If any proof is needed that Windham Junction Country Store and Kitchen is a local gathering spot, just look at the wall at the entrance to the dining area.

There, written in various shades of Sharpie, are the names, ages and heights of local children charted as they grow through the years. But a sticker admonishes that only “Miss K” can mark the chart.

Miss K is Kay Normington who, along with her husband, Jon, a Johnson and Wales graduate with years of food-service experience, own the café and country store. The establishment is near the former Windham Railroad Junction, which in the late 1800s was one of the busiest single-track lines in the country.

That railroad line is now the site of the Windham Rail Trail, and, before or after burning up carbs, visitors can fuel and refuel at Windham Junction’s café in an elegant Victorian house and barn built in 1886 by saw and cider mill owner, George Seavey.
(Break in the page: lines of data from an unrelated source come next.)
Lemma ge0_integral_lty_le_scale (h : R -> R) (c : R) : measurable_fun setT h ->
  (forall x, 0 <= h x) -> (forall x, h x <= c * f x) -> (\int[mu]_x (h x)%:E < +oo)%E.
Proof.
move=> mh h0 le_hf.
apply: le_lt_trans (integrable_lty measurableT (integrableZl measurableT c fi)).
apply: ge0_le_integral => //.
- by move=> x _; rewrite lee_fin.
- exact/measurable_EFinP.
- by apply: measurable_funeM; exact/measurable_EFinP.
- by move=> x _; rewrite /= -EFinM lee_fin.
Qed.

Lemma dprobE (D : set R) : measurable D ->
  (dprob f D)%:E = (\int[mu]_x (f x * \1_D x)%:E)%E.
Proof.
move=> mD; apply: EFin_Rintegral_indic => //.
apply: (@ge0_integral_lty_le_scale _ 1).
- by apply: measurable_funM => //; exact: measurable_indic.
- by move=> x; rewrite mulr_ge0.
- by move=> x; rewrite mul1r ler_piMr.
Qed.

Lemma measurable_density_indic (D : set R) : measurable D ->
  measurable_fun setT (fun x => (f x * \1_D x)%:E).
Proof.
by move=> mD; apply/measurable_EFinP; apply: measurable_funM => //; exact: measurable_indic.
Qed.

Lemma measurable_zeta_kernel A : measurable A ->
  measurable_fun setT (fun z : R * R => (zeta_kernel A z.1 z.2)%:E).
Proof.
move=> mA; apply/measurable_EFinP.
have mf1 : measurable_fun setT (fun z : R * R => f z.1) by exact: measurableT_comp.
have mf2 : measurable_fun setT (fun z : R * R => f z.2) by exact: measurableT_comp.
have mA12 : measurable_fun setT (fun z : R * R => \1_A (z.1 - z.2 + 1) : R).
  apply: measurableT_comp; first exact: measurable_indic.
  by apply: measurable_funD => //; exact: measurable_funB.
have mN2 : measurable_fun setT (fun z : R * R => \1_[set y : R | y < 0] z.2 : R).
  exact: measurableT_comp (measurable_indic (measurable_ltr 0)) measurable_snd.
have mP1 : measurable_fun setT (fun z : R * R => \1_[set x : R | 0 < x] z.1 : R).
  exact: measurableT_comp (measurable_indic (measurable_gtr 0)) measurable_fst.
by do !apply: measurable_funM.
Qed.

Lemma zeta_kernel_ge0 A p q : 0 <= zeta_kernel A p q.
Proof. by rewrite /zeta_kernel !mulr_ge0. Qed.

Lemma measurable_zeta_kernel1 A p : measurable A ->
  measurable_fun setT (fun q => (zeta_kernel A p q)%:E).
Proof. by move=> mA; exact: measurableT_comp (measurable_zeta_kernel mA) (pair1_measurable p). Qed.

Lemma measurable_zeta_kernel2 A q : measurable A ->
  measurable_fun setT (fun p => (zeta_kernel A p q)%:E).
Proof. by move=> mA; exact: measurableT_comp (measurable_zeta_kernel mA) (pair2_measurable q). Qed.

Lemma zeta_inner_indicE A p : measurable A ->
  (zeta_inner A p * \1_[set x | 0 < x] p)%:E = (\int[mu]_q (zeta_kernel A p q)%:E)%E.
Proof.
move=> mA.
have mK : measurable_fun setT (fun q => f p * f q * \1_A (p - q + 1) * \1_[set y | y < 0] q).
  apply: measurable_funM; last exact: measurable_indic (measurable_ltr 0).
  apply: measurable_funM; first by apply: measurable_funM => //; exact: measurable_cst.
  apply: measurableT_comp; first exact: measurable_indic.
  by apply: measurable_funD => //; apply: measurable_funB => //; exact: measurable_cst.
rewrite EFinM EFin_Rintegral_indic //; first last.
- apply: (@ge0_integral_lty_le_scale _ (f p)) => // [y|y]; first by rewrite !mulr_ge0.
  have fpy0 : 0 <= f p * f y by rewrite mulr_ge0.
  by do 2 apply: mul_indic_le => // _.
- by move=> y; rewrite !mulr_ge0.
- exact: measurable_ltr.
rewrite -ge0_integralZr //; first exact/measurable_EFinP.
by move=> y _; rewrite lee_fin !mulr_ge0.
Qed.

Lemma zeta_inner_indic_le A p : measurable A ->
  zeta_inner A p * \1_[set x | 0 < x] p <= Rintegral mu setT f * f p.
Proof.
move=> mA; rewrite -lee_fin zeta_inner_indicE // EFinM.
rewrite /Rintegral fineK ?(integrable_fin_num measurableT fi) // muleC.
rewrite -ge0_integralZl ?lee_fin //; [|exact/measurable_EFinP|by move=> y _; rewrite lee_fin].
apply: ge0_le_integral => //.
- by move=> q _; rewrite lee_fin zeta_kernel_ge0.
- exact: measurable_zeta_kernel1.
- by apply: measurable_funeM; exact/measurable_EFinP.
move=> q _; rewrite -EFinM lee_fin.
have fpq0 : 0 <= f p * f q by rewrite mulr_ge0.
by do 3 apply: mul_indic_le => // _.
Qed.

Lemma measurable_zeta_inner_indic A : measurable A ->
  measurable_fun setT (fun p => zeta_inner A p * \1_[set x | 0 < x] p).
Proof.
move=> mA.
have -> : (fun p => zeta_inner A p * \1_[set x | 0 < x] p) =
    fine \o (fun p => \int[mu]_q (zeta_kernel A p q)%:E)%E.
  by apply/funext => p /=; rewrite -zeta_inner_indicE.
apply: measurableT_comp; first exact: fine_measurable.
apply: (measurable_fun_fubini_tonelli_F (m2 := mu) _ (measurable_zeta_kernel mA)).
by move=> z; rewrite lee_fin zeta_kernel_ge0.
Qed.

Lemma zeta_massE A : measurable A ->
  (zeta_mass A)%:E = (\int[mu]_p \int[mu]_q (zeta_kernel A p q)%:E)%E.
Proof.
move=> mA.
have inner_ge0 p : 0 <= zeta_inner A p by apply: Rintegral_ge0 => y _; rewrite !mulr_ge0.
rewrite EFin_Rintegral_indic //; first last.
- apply: (@ge0_integral_lty_le_scale _ (Rintegral mu setT f)).
  + exact: measurable_zeta_inner_indic.
  + by move=> p; rewrite mulr_ge0.
  + by move=> p; exact: zeta_inner_indic_le.
- exact: measurable_gtr.
by apply: eq_integral => p _; rewrite zeta_inner_indicE.
Qed.

Hypothesis lc : log_concave f.

Lemma zeta_kernel_right_exchange th A B x p q : 0 <= th ->
  (forall z u, A z -> B u -> z <= u) ->
  f x * \1_(right_tail th B) x * zeta_kernel A p q <=
  f (p + (th + 1 - q)) * \1_(right_tail th A) (p + (th + 1 - q))
    * zeta_kernel B (x - (th + 1 - q)) q.
Proof.
move=> th0 AB; set rhs := (X in _ <= X).
have rhs0 : 0 <= rhs by rewrite /rhs !mulr_ge0 ?zeta_kernel_ge0.
rewrite mulrAC; apply: mul_indic_le => // -[th_x Bx].
rewrite /zeta_kernel !mulrA.
apply: mul_indic_le => // /= p0; apply: mul_indic_le => // /= q0; apply: mul_indic_le => // Az.
have zu := AB _ _ Az Bx.
have RAp : right_tail th A (p + (th + 1 - q)).
  by split; [lra | rewrite (_ : _ - th = p - q + 1) //; ring].
have Bx' : B (x - (th + 1 - q) - q + 1) by rewrite (_ : _ - q + 1 = x - th) //; ring.
rewrite /rhs /zeta_kernel !indic1 //=; last lra.
rewrite !mulr1 mulrA ler_wpM2r // mulrC.
by apply: log_concave_mul_le => //; lra.
Qed.

Lemma zeta_kernel_left_exchange th A B x p q : 0 <= th ->
  (forall z u, A z -> B u -> z <= u) ->
  f x * \1_(left_tail th B) x * zeta_kernel A p q <=
  f (q - (th + 1 + p)) * \1_(left_tail th A) (q - (th + 1 + p))
    * zeta_kernel B p (x + (th + 1 + p)).
Proof.
move=> th0 AB; set rhs := (X in _ <= X).
have rhs0 : 0 <= rhs by rewrite /rhs !mulr_ge0 ?zeta_kernel_ge0.
rewrite mulrAC; apply: mul_indic_le => // -[x_th Bx].
rewrite /zeta_kernel !mulrA.
apply: mul_indic_le => // /= p0; apply: mul_indic_le => // /= q0; apply: mul_indic_le => // Az.
have zu := AB _ _ Az Bx.
have LAq : left_tail th A (q - (th + 1 + p)).
  by split; [lra | rewrite (_ : - _ = p - q + 1) //; ring].
have Bx' : B (p - (x + (th + 1 + p)) + 1) by rewrite (_ : _ + 1 = - (x + th)) //; ring.
rewrite /rhs /zeta_kernel !indic1 //=; last lra.
rewrite !mulr1 mulrAC [leRHS]mulrCA [leRHS]mulrC ler_wpM2r //.
by apply: log_concave_mul_le => //; lra.
Qed.

Lemma zeta_massE_swap A : measurable A ->
  (zeta_mass A)%:E = (\int[mu]_q \int[mu]_p (zeta_kernel A p q)%:E)%E.
Proof.
move=> mA; apply: etrans (zeta_massE mA) _.
apply: (fubini_tonelli (m1 := mu) (m2 := mu) _ (measurable_zeta_kernel mA)).
by move=> z; rewrite lee_fin zeta_kernel_ge0.
Qed.

Lemma right_tail_zeta_le th (A B : set R) : 0 <= th -> measurable A -> measurable B ->
  (forall z u, A z -> B u -> z <= u) ->
  dprob f (right_tail th B) * zeta_mass A <= dprob f (right_tail th A) * zeta_mass B.
Proof.
move=> th0 mA mB AB.
have K0 C (z : R * R) : (0 <= (zeta_kernel C z.1 z.2)%:E)%E by rewrite lee_fin zeta_kernel_ge0.
apply: (le_mul_of_EFin (dprobE (measurable_right_tail th mB)) (zeta_massE_swap mA)
  (dprobE (measurable_right_tail th mA)) (zeta_massE_swap mB)).
apply: ge0_le_integral_scale;
  try by move=> *; apply: integral_ge0 => *; rewrite lee_fin ?mulr_ge0 ?zeta_kernel_ge0.
- exact: (measurable_fun_fubini_tonelli_G (m1 := mu) _ (measurable_zeta_kernel mA) (K0 A)).
- exact: (measurable_fun_fubini_tonelli_G (m1 := mu) _ (measurable_zeta_kernel mB) (K0 B)).
move=> q; apply: (@ge0_integral_mul_le_swap _ (th + 1 - q)).
- exact: measurable_density_indic (measurable_right_tail th mB).
- exact: measurable_zeta_kernel2.
- exact: measurable_density_indic (measurable_right_tail th mA).
- exact: measurable_zeta_kernel2.
- by move=> x; rewrite lee_fin mulr_ge0.
- by move=> p; exact: (K0 _ (p, q)).
- by move=> x; rewrite lee_fin mulr_ge0.
- by move=> p; exact: (K0 _ (p, q)).
by move=> x p; rewrite -!EFinM lee_fin; exact: zeta_kernel_right_exchange.
Qed.

Lemma left_tail_zeta_le th (A B : set R) : 0 <= th -> measurable A -> measurable B ->
  (forall z u, A z -> B u -> z <= u) ->
  dprob f (left_tail th B) * zeta_mass A <= dprob f (left_tail th A) * zeta_mass B.
Proof.
move=> th0 mA mB AB.
have K0 C (z : R * R) : (0 <= (zeta_kernel C z.1 z.2)%:E)%E by rewrite lee_fin zeta_kernel_ge0.
apply: (le_mul_of_EFin (dprobE (measurable_left_tail th mB)) (zeta_massE mA)
  (dprobE (measurable_left_tail th mA)) (zeta_massE mB)).
apply: ge0_le_integral_scale;
  try by move=> *; apply: integral_ge0 => *; rewrite lee_fin ?mulr_ge0 ?zeta_kernel_ge0.
- exact: (measurable_fun_fubini_tonelli_F (m2 := mu) _ (measurable_zeta_kernel mA) (K0 A)).
- exact: (measurable_fun_fubini_tonelli_F (m2 := mu) _ (measurable_zeta_kernel mB) (K0 B)).
move=> p; apply: (@ge0_integral_mul_le_swap _ (- (th + 1 + p))).
- exact: measurable_density_indic (measurable_left_tail th mB).
- exact: measurable_zeta_kernel1.
- exact: measurable_density_indic (measurable_left_tail th mA).
- exact: measurable_zeta_kernel1.
- by move=> x; rewrite lee_fin mulr_ge0.
- by move=> q; exact: (K0 _ (p, q)).
- by move=> x; rewrite lee_fin mulr_ge0.
- by move=> q; exact: (K0 _ (p, q)).
by move=> x q; rewrite opprK -!EFinM lee_fin; exact: zeta_kernel_left_exchange.
Qed.

Lemma zeta_kernel_itv p q : zeta_kernel `[1, +oo[ p q =
  (f p * \1_[set x | 0 < x] p) * (f q * \1_[set y | y < 0] q).
Proof.
rewrite /zeta_kernel !indicE.
have [/set_mem /= p0|_] := boolP (p \in [set x : R | 0 < x]); last by rewrite !(mulr0, mul0r).
have [/set_mem /= q0|_] := boolP (q \in [set y : R | y < 0]); last by rewrite !(mulr0, mul0r).
rewrite mem_set /=; last by rewrite in_itv /= andbT; lra.
by rewrite !mulr1.
Qed.

Lemma zeta_mass_itv :
  zeta_mass `[1, +oo[ = dprob f [set x | 0 < x] * dprob f [set y | y < 0].
Proof.
have fi0 C x : (0 <= (f x * \1_C x)%:E)%E by rewrite lee_fin mulr_ge0.
apply/EFin_inj; rewrite zeta_massE // EFinM (dprobE (measurable_gtr 0)) (dprobE (measurable_ltr 0)).
rewrite -ge0_integralZr ?integral_ge0 //; last exact: measurable_density_indic (measurable_gtr 0).
apply: eq_integral => p _; rewrite -ge0_integralZl //.
  by apply: eq_integral => q _; rewrite zeta_kernel_itv EFinM.
exact: measurable_density_indic (measurable_ltr 0).
Qed.

End log_concave_density.

Theorem lemma3p1 (R : realType) (f : R -> R) :
  is_density f -> log_concave f ->
  0 < dprob f [set x | 0 < x] -> 0 < dprob f [set x | x < 0] ->
  law_zeta f `[1, +oo[ = 1 /\
  (forall th : R, 0 <= th ->
     (0 < dprob f [set x | th < x] -> lr_le (law_right f th) (law_zeta f)) /\
     (0 < dprob f [set x | x < - th] -> lr_le (law_left f th) (law_zeta f))).
Proof.
move=> [mf f0 fi _] lc posP posN.
have posPN : 0 < dprob f [set x | 0 < x] * dprob f [set x | x < 0] by rewrite mulr_gt0.
split; first by rewrite /law_zeta -/(zeta_mass f _) zeta_mass_itv // divff // gt_eqF.
move=> th th0; split => pos_th.
- apply: (@lr_le_div _ (fun A => dprob f (right_tail th A)) (zeta_mass f) _ _ (ltW pos_th)
    (ltW posPN)) => A B mA mB AB.
  exact: right_tail_zeta_le.
- apply: (@lr_le_div _ (fun A => dprob f (left_tail th A)) (zeta_mass f) _ _ (ltW pos_th)
    (ltW posPN)) => A B mA mB AB.
  exact: left_tail_zeta_le.
Qed.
Customers order their homemade food at the front counter, where first-time patrons are greeted with a loud ring of a cowbell by the person taking orders. In addition to daily specials like beef ribeye wraps with barbecue aioli or California BLTs with avocado and Havarti on toasted wheatberry bread, the Junction has a long list of handmade sandwiches.

They’ve also invented what they call “sippin’ soups” – blended homemade soups served in a covered drink cup for those on the move who don’t have the chance to sit in front of a bowl with a spoon. Every day is a different sip, including spinach parmesan silk, sweet potato cheddar velvet and tarragon, lobster scampi. There are also regular soups of the day like beef vegetable lentil and Thai chicken and coconut vegetable with noodles.
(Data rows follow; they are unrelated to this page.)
(* Let $\Sigma^*$ be an $n\times n$ positive definite matrix whose conditional independence structure is a tree $T^*$, let $D^*$ be a diagonal matrix with nonnegative entries, and let $\Sigma^o=\Sigma^*+D^*$. Let $\lambda_{\min}$ be a real number that is at most the smallest eigenvalue of $\Sigma^*$, and suppose $D^*_{bb}<\lambda_{\min}$ for every node $b$ of $T^*$ that is the neighbor of a leaf of $T^*$. Then for every decomposition $\Sigma^o=\Sigma'+D'$ in which $\Sigma'$ is positive definite with smallest eigenvalue at least $\lambda_{\min}$ and conditional independence structure a tree $T'$, and $D'$ is diagonal with nonnegative entries, we have $T'=T^*$.
   Context: For an $n\times n$ positive definite matrix $\Sigma$ with inverse $\Omega$, its conditional independence structure is the graph on $\{1,\dots,n\}$ with an edge $\{i,j\}$ ($i\neq j$) iff $\Omega_{ij}\neq 0$. *)

From HB Require Import structures.
From mathcomp Require Import all_boot all_order all_algebra.
From mathcomp Require Import reals.
Set Implicit Arguments. Unset Strict Implicit. Unset Printing Implicit Defensive.
Import Order.TTheory GRing.Theory Num.Theory.
Local Open Scope ring_scope.

Section Defs.
Variable R : realType.

Definition posdef n (A : 'M[R]_n) : Prop :=
  A^T = A /\ forall x : 'cV[R]_n, x != 0 -> 0 < (x^T *m A *m x) 0 0.

Definition nonneg_diag n (D : 'M[R]_n) : Prop :=
  is_diag_mx D /\ forall i, 0 <= D i i.

Definition min_eig_ge n (A : 'M[R]_n) (lam : R) : Prop :=
  forall a : R, eigenvalue A a -> lam <= a.

Definition ci_graph n (S : 'M[R]_n) : rel 'I_n :=
  fun i j => (i != j) && (invmx S i j != 0).
End Defs.

Definition connected_graph n (e : rel 'I_n) : Prop :=
  forall i j, connect e i j.

Definition acyclic_graph n (e : rel 'I_n) : Prop :=
  ~ exists s : seq 'I_n, [/\ 3 <= size s, uniq s & cycle e s]%N.

Definition is_tree n (e : rel 'I_n) : Prop :=
  connected_graph e /\ acyclic_graph e.

Definition is_leaf n (e : rel 'I_n) (l : 'I_n) : Prop :=
  #|[set j | e l j]| = 1%N.

Definition leaf_neighbor n (e : rel 'I_n) (b : 'I_n) : Prop :=
  exists l, is_leaf e l /\ e l b.

(* For a positive definite S whose concentration graph is a tree, every entry of S
   is nonzero and S factorizes along the tree: S_jj S_ik = S_ij S_jk whenever j
   separates i from k.  If j does not separate them, the ratio S_ij S_jk / S_ik,
   computed through the neighbour of j on the way to i and k, is < S_jj and
   <= S_jj - lam_min (by the 2x2 principal minors of S and of S - lam_min).
   Sigma* and Sigma' share their off-diagonal entries, hence all these ratios, so
   a vertex j that separates two vertices in one tree but not in the other has a
   strictly smaller diagonal entry on the separating side; it then separates
   nothing in the other tree, i.e. it is a leaf there.  An edge of one tree that
   is missing from the other produces such a j.  Its neighbour b in the tree where
   j is a leaf must factorize S_ji and S_jk in the other matrix as well (for T*
   this is where D*_bb < lam_min is used), and a factorization of S_ik through j
   is incompatible with factorizations of S_ji and S_jk through b. *)

From HB Require Import structures.
From mathcomp Require Import all_boot all_order all_algebra.
From mathcomp Require Import reals complex ring lra.
Import Order.TTheory GRing.Theory Num.Theory.
Local Open Scope ring_scope.
Set Implicit Arguments. Unset Strict Implicit. Unset Printing Implicit Defensive.

Section Separation.
Variable n : nat.
Implicit Types (e : rel 'I_n) (i j k m x y : 'I_n).

Definition avoid e j : rel 'I_n := fun a b => [&& e a b, a != j & b != j].

Definition separates e j i k := [&& i != j, k != j & ~~ connect (avoid e j) i k].

Definition noncut_vertex e j := forall i k, ~~ separates e j i k.

Lemma avoid_connect_neq e j x y : connect (avoid e j) x y -> x != j -> y != j.
Proof.
move=> /connectP[p + ->]; elim: p x => //= a p IHp x /andP[/and3P[_ _ aj] pth] _.
exact: IHp pth aj.
Qed.

Lemma path_avoid e j x s : path e x s -> j \notin x :: s -> path (avoid e j) x s.
Proof.
elim: s x => //= a s IHs x /andP[exa pth]; rewrite !inE !negb_or => /and3P[jx ja js].
by rewrite /avoid exa eq_sym jx eq_sym ja IHs // inE negb_or ja.
Qed.

Lemma connect_uniq_path (r : rel 'I_n) x y :
  connect r x y -> exists p, [/\ path r x p, uniq (x :: p) & last x p = y].
Proof. by move=> /connectP[p /shortenP[p' ? ? _] ->]; exists p'. Qed.

Lemma uniq_path_connect_avoid e x m q :
  path e x (m :: q) -> uniq (x :: m :: q) -> connect (avoid e x) m (last m q).
Proof.
move=> /= /andP[_ pth] /andP[xmq _]; apply/connectP; exists q => //.
exact: path_avoid.
Qed.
Once you order food, the fun really begins as you sit in the dining area furnished with an eclectic selection of vintage tables and chairs. There, neighbors meet up, visitors are greeted with friendly “hellos” by local residents, children and their moms play “I spy with my little eye,” while your food is being prepared.

While waiting for the eats to be delivered to your vintage chrome and Formica dinette, you can shop by just looking around at the walls and shelves in sun-drenched rooms where everything from antique toys, to old coffee mills to work from local artists, crafters and writers is for sale.

In the back is the country store with items like hand-knitted hats and mittens, books, old-fashioned toys and candy. The owners invite people to “ramble” through rooms where the old is mixed with the new.

It doesn’t get more welcoming than that.